*EXTRACTED ENTRIES*
Lemma lo_hi_bounds : 0 < lo < hi /\ (1 - t) * lo <= r / 4 /\ (1 - t) * hi < r.
Proof.
  pose proof eps_bounds. pose proof lo_sq. pose proof hi_sq.
  assert (Hlo : 0 < lo) by (apply Rdiv_lt_0_compat; apply sqrt_lt_R0; lra).
  assert (Hhi : 0 < hi) by (apply Rdiv_lt_0_compat; apply sqrt_lt_R0; lra).
  pose proof (mul_one_sub_le_quarter t).
  assert (lo ^ 2 <= r ^ 2 / 16) by nra.
  assert (hi ^ 2 < r ^ 2) by nra.
  assert (lo ^ 2 < 2 * D) by nra.
  assert (2 * D < hi ^ 2) by nra.
  repeat split; try nra.
Qed.

Lemma upper_bound_at_lo : lo ^ 2 / 2 + 4 / 9 * (1 - t) ^ 2 * lo ^ 3 / r < D.
Proof.
  destruct (sqrt_pos_sq D HD) as [HS HS2].
  pose proof eps_bounds. pose proof lo_sq. destruct lo_hi_bounds as [[Hlo _] _].
  set (l := lo) in *. set (e := eps) in *.
  assert (l < 3 / 2 * sqrt D) by nra.
  assert (4 / 9 * (1 - t) ^ 2 * l < 5 / 4 * sqrt D) by nra.
  assert (4 / 9 * (1 - t) ^ 2 * l ^ 3 / r < e * l ^ 2 / 2).
  { replace (4 / 9 * (1 - t) ^ 2 * l ^ 3 / r)
      with (4 / 9 * (1 - t) ^ 2 * l * (l ^ 2 / r)) by (field; lra).
    replace (e * l ^ 2 / 2) with (5 / 4 * sqrt D * (l ^ 2 / r)) by (unfold e; field; lra).
    apply Rmult_lt_compat_r; [apply Rdiv_lt_0_compat|]; nra. }
  nra.
Qed.

Lemma lower_bound_at_hi : D < hi ^ 2 / 2 - t ^ 2 * hi ^ 3 / (3 * r).
Proof.
  destruct (sqrt_pos_sq D HD) as [HS HS2].
  pose proof eps_bounds. pose proof hi_sq. destruct lo_hi_bounds as [[? ?] _].
  set (h := hi) in *. set (e := eps) in *.
  assert (h ^ 2 < 4 * sqrt D ^ 2) by nra.
  assert (h < 2 * sqrt D) by nra.
  assert (t ^ 2 < 1) by nra.
  assert (t ^ 2 * h < 15 / 4 * sqrt D) by nra.
  assert (t ^ 2 * h ^ 3 / (3 * r) < e * h ^ 2 / 2).
  { replace (t ^ 2 * h ^ 3 / (3 * r)) with (t ^ 2 * h * (h ^ 2 / (3 * r)))
      by (field; lra).
    replace (e * h ^ 2 / 2) with (15 / 4 * sqrt D * (h ^ 2 / (3 * r))) by (unfold e; field; lra).
    apply Rmult_lt_compat_r; [apply Rdiv_lt_0_compat|]; nra. }
  nra.
Qed.

End Bracket.

Theorem mainTheorem12 (n : nat) (th alpha : R) (z : Z) :
  (1 <= n)%nat -> 0 < th -> th < 1 -> INR n * th = IZR z -> 0 < alpha ->
  alpha + DeltaPBR n th <= INR n * th ^ 2 * (1 - th) ^ 2 / 8 ->
  let eps := 5 / 2 * sqrt (alpha + DeltaPBR n th) / sqrt (INR n * th * (1 - th)) in
  exists g : R, 0 < g /\
    - ln (P_PBR n th (phiPBR n g th)) = alpha /\
    sqrt (2 * (alpha + DeltaPBR n th)) / sqrt (1 + eps) <= g /\
    g <= sqrt (2 * (alpha + DeltaPBR n th)) / sqrt (1 - eps).
Proof.
  intros Hn Hth0 Hth1 Hz Halpha HD eps. subst eps.
  assert (Hth : 0 < th < 1) by lra.
  pose proof (nt_of_integral n th z Hth0 Hz) as Hk.
  destruct (sqrt_pos_sq _ (variance_scale_pos n th Hn Hth)) as [Hr Hr2].
  set (D := alpha + DeltaPBR n th) in *.
  set (r := sqrt (INR n * th * (1 - th))) in *.
  assert (HD0 : 0 < D) by (pose proof (DeltaPBR_ge0 n th Hth Hk); unfold D; lra).
  assert (HDr : 8 * D <= r ^ 2 * (th * (1 - th))) by (rewrite Hr2; lra).
  destruct (lo_hi_bounds th D r Hth HD0 Hr HDr) as [[Hlo Hlohi] [Hsmall_lo Hsmall_hi]].
  pose proof (upper_bound_at_lo th D r Hth HD0 Hr HDr).
  pose proof (lower_bound_at_hi th D r Hth HD0 Hr HDr).
  set (lo := sqrt (2 * D) / sqrt (1 + 5 / 2 * sqrt D / r)) in *.
  set (hi := sqrt (2 * D) / sqrt (1 - 5 / 2 * sqrt D / r)) in *.
  pose proof (scaled_klBern_upper n th Hn Hth lo ltac:(lra) Hsmall_lo) as Hklo.
  pose proof (scaled_klBern_lower n th Hn Hth hi ltac:(lra) Hsmall_hi) as Hkhi.
  fold r in Hklo; fold r in Hkhi.
  destruct (scaled_klBern_attains n th Hn Hth D lo hi ltac:(lra) Hsmall_hi ltac:(lra))
    as [g [Hg HgD]].
  exists g. split; [lra|]. split; [|exact Hg].
  rewrite neg_ln_P_PBR by (try assumption; apply phiPBR_in_range; auto; fold r; nra).
  unfold D in HgD. lra.
Qed.
(* Let $Y$ be a (discrete) groupoid and $\Lambda\subseteq Y$ a subcategory with $Y^0\subseteq\Lambda$. For $t\in Y$, $W_t\in\mathcal W_0$ if and only if there is a finite set $F\subseteq\mathcal Z_\Lambda$ such that (1) for every $\zeta\in F$, $\varphi_\zeta(\beta)=t\beta$ for all $\beta\in A(\zeta)$; and (2) $\{\beta\in\Lambda: r(\beta)=s(t),\ t\beta\in\Lambda\}=\bigcup_{\zeta\in F}A(\zeta)$.
   Context: $\Lambda$ is a left cancellative small category (being a subcategory of a groupoid), composition $\alpha\beta$ defined when $s(\alpha)=r(\beta)$. On $\ell^2(\Lambda)$ with standard basis $\{e_\alpha\}$, for $t\in Y$ let $W_t e_\alpha=e_{t\alpha}$ if $s(t)=r(\alpha)$ and $t\alpha\in\Lambda$, and $W_te_\alpha=0$ otherwise (so $W_t=J^*L_tJ$ with $L$ the left regular representation of $Y$ and $J:\ell^2(\Lambda)\to\ell^2(Y)$ the inclusion). $\mathcal W_0$ is the C*-algebra generated by $\{W_\alpha:\alpha\in\Lambda\}$. For $\alpha\in\Lambda$, $\tau^\alpha(\beta)=\alpha\beta$ on $\{\beta\in\Lambda:r(\beta)=s(\alpha)\}$ and $\sigma^\alpha$ is its inverse on $\alpha\Lambda$. A zigzag is $\zeta=(\alpha_1,\beta_1,\dots,\alpha_n,\beta_n)$, $\alpha_i,\beta_i\in\Lambda$, with $r(\alpha_i)=r(\beta_i)$ and $s(\alpha_{i+1})=s(\beta_i)$; $\mathcal Z_\Lambda$ the set of zigzags; $\varphi_\zeta=\sigma^{\alpha_1}\circ\tau^{\beta_1}\circ\cdots\circ\sigma^{\alpha_n}\circ\tau^{\beta_n}$ (composition of partial maps) with domain $A(\zeta)$. *)

From Stdlib Require Import Reals List ClassicalEpsilon.
Import ListNotations.
Open Scope R_scope.

Record Groupoid := {
  gY :> Type;
  gr : gY -> gY;
  gs : gY -> gY;
  gmul : gY -> gY -> gY;       (* x y, meaningful when s x = r y *)
  ginv : gY -> gY;
  g_r_mul : forall x y, gs x = gr y -> gr (gmul x y) = gr x;
  g_s_mul : forall x y, gs x = gr y -> gs (gmul x y) = gs y;
  g_assoc : forall x y z, gs x = gr y -> gs y = gr z ->
              gmul (gmul x y) z = gmul x (gmul y z);
  g_unit_l : forall x, gmul (gr x) x = x;
  g_unit_r : forall x, gmul x (gs x) = x;
  g_r_r : forall x, gr (gr x) = gr x;
  g_s_r : forall x, gs (gr x) = gr x;
  g_r_s : forall x, gr (gs x) = gs x;
  g_s_s : forall x, gs (gs x) = gs x;
  g_r_inv : forall x, gr (ginv x) = gs x;
  g_s_inv : forall x, gs (ginv x) = gr x;
  g_inv_r : forall x, gmul x (ginv x) = gr x;
  g_inv_l : forall x, gmul (ginv x) x = gs x
}.

Arguments gr {g} x.
Arguments gs {g} x.
Arguments gmul {g} x y.
Arguments ginv {g} x.

Definition Subcat (G : Groupoid) (L : G -> Prop) : Prop :=
  (forall x : G, L (gr x)) /\ (forall x : G, L (gs x)) /\
  (forall x y : G, L x -> L y -> gs x = gr y -> L (gmul x y)).

Record C := mkC { re : R; im : R }.
Definition C0 : C := mkC 0 0.
Definition Cadd (a b : C) : C := mkC (re a + re b) (im a + im b).
Definition Csub (a b : C) : C := mkC (re a - re b) (im a - im b).
Definition Cmul (a b : C) : C :=
  mkC (re a * re b - im a * im b) (re a * im b + im a * re b).
Definition Cabs2 (a : C) : R := re a * re a + im a * im a.

Definition cif {A : Type} (P : Prop) (a b : A) : A :=
  if excluded_middle_informative P then a else b.

Section L2.
Variable G : Groupoid.
Variable L : G -> Prop.

(** Vectors of ℓ²(Λ): we work on the dense subspace of finitely supported
    vectors v : Y -> C with support contained in Λ. *)
Definition vec := G -> C.

Definition fin_vec (v : vec) : Prop :=
  (exists l : list G, forall y, v y <> C0 -> In y l) /\
  (forall y, v y <> C0 -> L y).

Definition sumsq (l : list G) (v : vec) : R :=
  fold_right (fun y acc => Cabs2 (v y) + acc) 0 l.
Lemma fourier_inversion (D : site -> site -> R) (l l' : site) :
  \sum_(k : site) DhatRe D (pvec R k) l * cos (pdot (pvec R k) l l')
  + \sum_(k : site) DhatIm D (pvec R k) l * sin (pdot (pvec R k) l l')
  = ((2 * L) ^ d)%:R * D l l'.
Proof.
rewrite -big_split /=.
transitivity (\sum_(k : site) \sum_(m : site) D l m * cos (pdot (pvec R k) l' m)).
  apply: eq_bigr => k _; rewrite !mulr_suml -big_split; apply: eq_bigr => m _ /=.
  by rewrite -(pdotB _ l l' m) cosB; ring.
rewrite exchange_big /=.
under eq_bigr do rewrite -mulr_sumr (sum_cos_sin_pdot _ _).1.
rewrite (bigD1 l') //= eqxx big1 => [|m m_neq]; first by rewrite addr0 mul1r mulrC.
by rewrite eq_sym (negbTE m_neq) mul0r mulr0.
Qed.

Lemma fourier_inversion_real (D : site -> site -> R) (l l' : site) :
  (forall k : site, pvec R k != 0 -> DhatIm D (pvec R k) l = 0) ->
  ((2 * L) ^ d)%:R * D l l' =
  \sum_(k : site) DhatRe D (pvec R k) l * cos (pdot (pvec R k) l l').
Proof.
move=> Dhat_real; rewrite -fourier_inversion [X in _ + X]big1 ?addr0 // => k _.
have [->|p_neq0] := eqVneq (pvec R k) 0; first by rewrite pdot0 sin0 mulr0.
by rewrite Dhat_real ?mul0r.
Qed.

Lemma diag_sub_offdiag_le (D : site -> site -> R) (b : site -> R) (l l' : site) :
  (forall k : site, pvec R k != 0 -> DhatRe D (pvec R k) l <= b k /\ DhatIm D (pvec R k) l = 0) ->
  ((2 * L) ^ d)%:R * (D l l - D l l') <=
  \sum_(k : site | pvec R k != 0) b k * (1 - cos (pdot (pvec R k) l l')).
Proof.
move=> Dhat_le.
have Dhat_real k (p_neq0 : pvec R k != 0) := (Dhat_le k p_neq0).2.
rewrite mulrBr !fourier_inversion_real // -sumrB (bigID (fun k => pvec R k != 0)) /=.
rewrite [X in _ + X]big1 ?addr0 => [|k /negbNE/eqP ->]; last by rewrite !pdot0 subrr.
apply: ler_sum => k p_neq0; rewrite pdotxx cos0 -mulrBr.
by rewrite ler_wpM2r ?subr_ge0 ?cos_le1 ?(Dhat_le k p_neq0).1.
Qed.

Lemma BL_diag_pinfty (Bh : 'rV[R]_d -> \bar R) (l k0 : site) :
  (forall k : site, pvec R k != 0 -> (0 <= Bh (pvec R k))%E) ->
  pvec R k0 != 0 -> Bh (pvec R k0) = +oo%E -> BL Bh l l = +oo%E.
Proof.
move=> Bh_ge0 p0_neq0 Bh_k0; rewrite /BL.
under eq_bigr do rewrite pdotxx cos0 mule1.
rewrite (bigD1 k0) //= Bh_k0 addye; last first.
  rewrite gt_eqF // (@lt_le_trans _ _ 0%E) //.
  by apply: sume_ge0 => k /andP[/Bh_ge0].
by rewrite muleC gt0_mulye // lte_fin invr_gt0 exprn_gt0 // ltr0n muln_gt0.
Qed.

Lemma BL_EFin (Bh : 'rV[R]_d -> \bar R) (b : site -> R) (l l' : site) :
  (forall k : site, pvec R k != 0 -> Bh (pvec R k) = (b k)%:E) ->
  BL Bh l l' = (((2 * L) ^ d)%:R^-1 *
    \sum_(k : site | pvec R k != 0) b k * cos (pdot (pvec R k) l' l))%:E.
Proof.
move=> Bh_fin; rewrite /BL natrX; under eq_bigr => k p_neq0 do rewrite Bh_fin // -EFinM.
by rewrite sumEFin -EFinM.
Qed.

Lemma offdiag_ge_of_Dhat_le (D : site -> site -> R) (Bh : 'rV[R]_d -> \bar R) :
  (forall k : site, pvec R k != 0 -> (0 <= Bh (pvec R k))%E) ->
  (forall k : site, pvec R k != 0 -> forall l,
     ((DhatRe D (pvec R k) l)%:E <= Bh (pvec R k))%E /\ DhatIm D (pvec R k) l = 0) ->
  forall l l', ((D l l)%:E - BL Bh l l + BL Bh l l' <= (D l l')%:E)%E.
Proof.
move=> Bh_ge0 Dhat_le l l'.
have [[k0 [p0_neq0 Bh_k0]]|no_pinfty] :=
    pselect (exists k : site, pvec R k != 0 /\ Bh (pvec R k) = +oo%E).
  by rewrite (BL_diag_pinfty _ Bh_ge0 p0_neq0 Bh_k0) addeNy addNye leNye.
pose b (k : site) := fine (Bh (pvec R k)).
have Bh_fin k : pvec R k != 0 -> Bh (pvec R k) = (b k)%:E.
  move=> p_neq0; rewrite /b fineK // ge0_fin_numE ?Bh_ge0 // ltey.
  by apply/eqP => Bh_k; apply: no_pinfty; exists k.
rewrite !(BL_EFin _ _ Bh_fin) -EFinB -EFinD lee_fin.
set N : R := ((2 * L) ^ d)%:R.
have N_gt0 : 0 < N by rewrite ltr0n expn_gt0 muln_gt0 L_gt0.
have Dhat_le_b k (p_neq0 : pvec R k != 0) :
    DhatRe D (pvec R k) l <= b k /\ DhatIm D (pvec R k) l = 0.
  by have [Dhat_le_Bh Dhat_real] := Dhat_le k p_neq0 l; rewrite -lee_fin -Bh_fin.
have BL_diff :
    \sum_(k : site | pvec R k != 0) b k * cos (pdot (pvec R k) l l)
  - \sum_(k : site | pvec R k != 0) b k * cos (pdot (pvec R k) l' l)
  = \sum_(k : site | pvec R k != 0) b k * (1 - cos (pdot (pvec R k) l l')).
  by rewrite -sumrB; apply: eq_bigr => k _; rewrite pdotxx cos0 (pdot_antisym _ l' l) cosN; ring.
have := diag_sub_offdiag_le l' Dhat_le_b.
rewrite -BL_diff -ler_pdivlMl // mulrBr; lra.
Qed.

End Momenta.

Theorem lemma3p1 (R : realType) (d nu : nat) (m a beta : R)
  (phi : {ffun 'I_d -> nat} -> R) (V : 'rV[R]_nu -> R) (AV BV r : R)
  (dO : measure_display) (O : measurableType dO) (P : probability O R)
  (X : forall L : nat, O -> site d L -> R -> 'rV[R]_nu)
  (Bh : 'rV[R]_d -> \bar R) :
  (0 < d)%N -> (0 < nu)%N -> 0 < m -> 0 < a -> 0 < beta ->
  (* interaction *)
  phi [ffun => 0%N] = 0 -> (forall n, 0 <= phi n) ->
  (\esum_(n in [set: {ffun 'I_d -> nat}]) (phi n)%:E < +oo)%E ->
  (* anharmonic potential *)
  continuous V ->
  (forall U : 'M[R]_nu, U *m U^T = 1%:M -> forall x, V (x *m U) = V x) ->
  1 < r -> 0 < AV -> (forall x, AV * powR (dotv x x) r + BV <= V x) ->
  (* for each box Lambda_L, X L is distributed according to chi_Lambda *)
  (forall L, (0 < L)%N -> is_chi_process beta m a P (X L)) ->
  (* hat B *)
  (forall p, cube p -> (0 < Bh p)%E) ->
  {within (@cube R d), continuous Bh} ->
  (cube_int d (fun q => Bh (\row_j q j)) < +oo)%E ->
  (forall L, (0 < L)%N -> forall k : site d L, pvec R k != 0 ->
     forall l : site d L,
       ((DhatRe (DL beta phi V P (X L)) (pvec R k) l)%:E <= Bh (pvec R k))%E /\
       DhatIm (DL beta phi V P (X L)) (pvec R k) l = 0) ->
  forall L, (0 < L)%N -> forall l l' : site d L,
    (((DL beta phi V P (X L) l l)%:E - BL Bh l l) + BL Bh l l'
      <= (DL beta phi V P (X L) l l')%:E)%E.
Proof.
move=> _ _ _ _ _ _ _ _ _ _ _ _ _ _ Bh_gt0 _ _ Dhat_le L L_gt0.
apply: (offdiag_ge_of_Dhat_le L_gt0 _ (Dhat_le L L_gt0)) => k _.
by apply/ltW/Bh_gt0 => j; rewrite pvecE momentum_in_cube.
Qed.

*WHAT THIS TASK INVOLVES*
Would you please filter the lines above and copy every one that includes "Definition"?

*SOLUTION TO THE EXERCISE*
Definition Subcat (G : Groupoid) (L : G -> Prop) : Prop :=
Definition C0 : C := mkC 0 0.
Definition Cadd (a b : C) : C := mkC (re a + re b) (im a + im b).
Definition Csub (a b : C) : C := mkC (re a - re b) (im a - im b).
Definition Cmul (a b : C) : C :=
Definition Cabs2 (a : C) : R := re a * re a + im a * im a.
Definition cif {A : Type} (P : Prop) (a b : A) : A :=
Definition vec := G -> C.
Definition fin_vec (v : vec) : Prop :=
Definition sumsq (l : list G) (v : vec) : R :=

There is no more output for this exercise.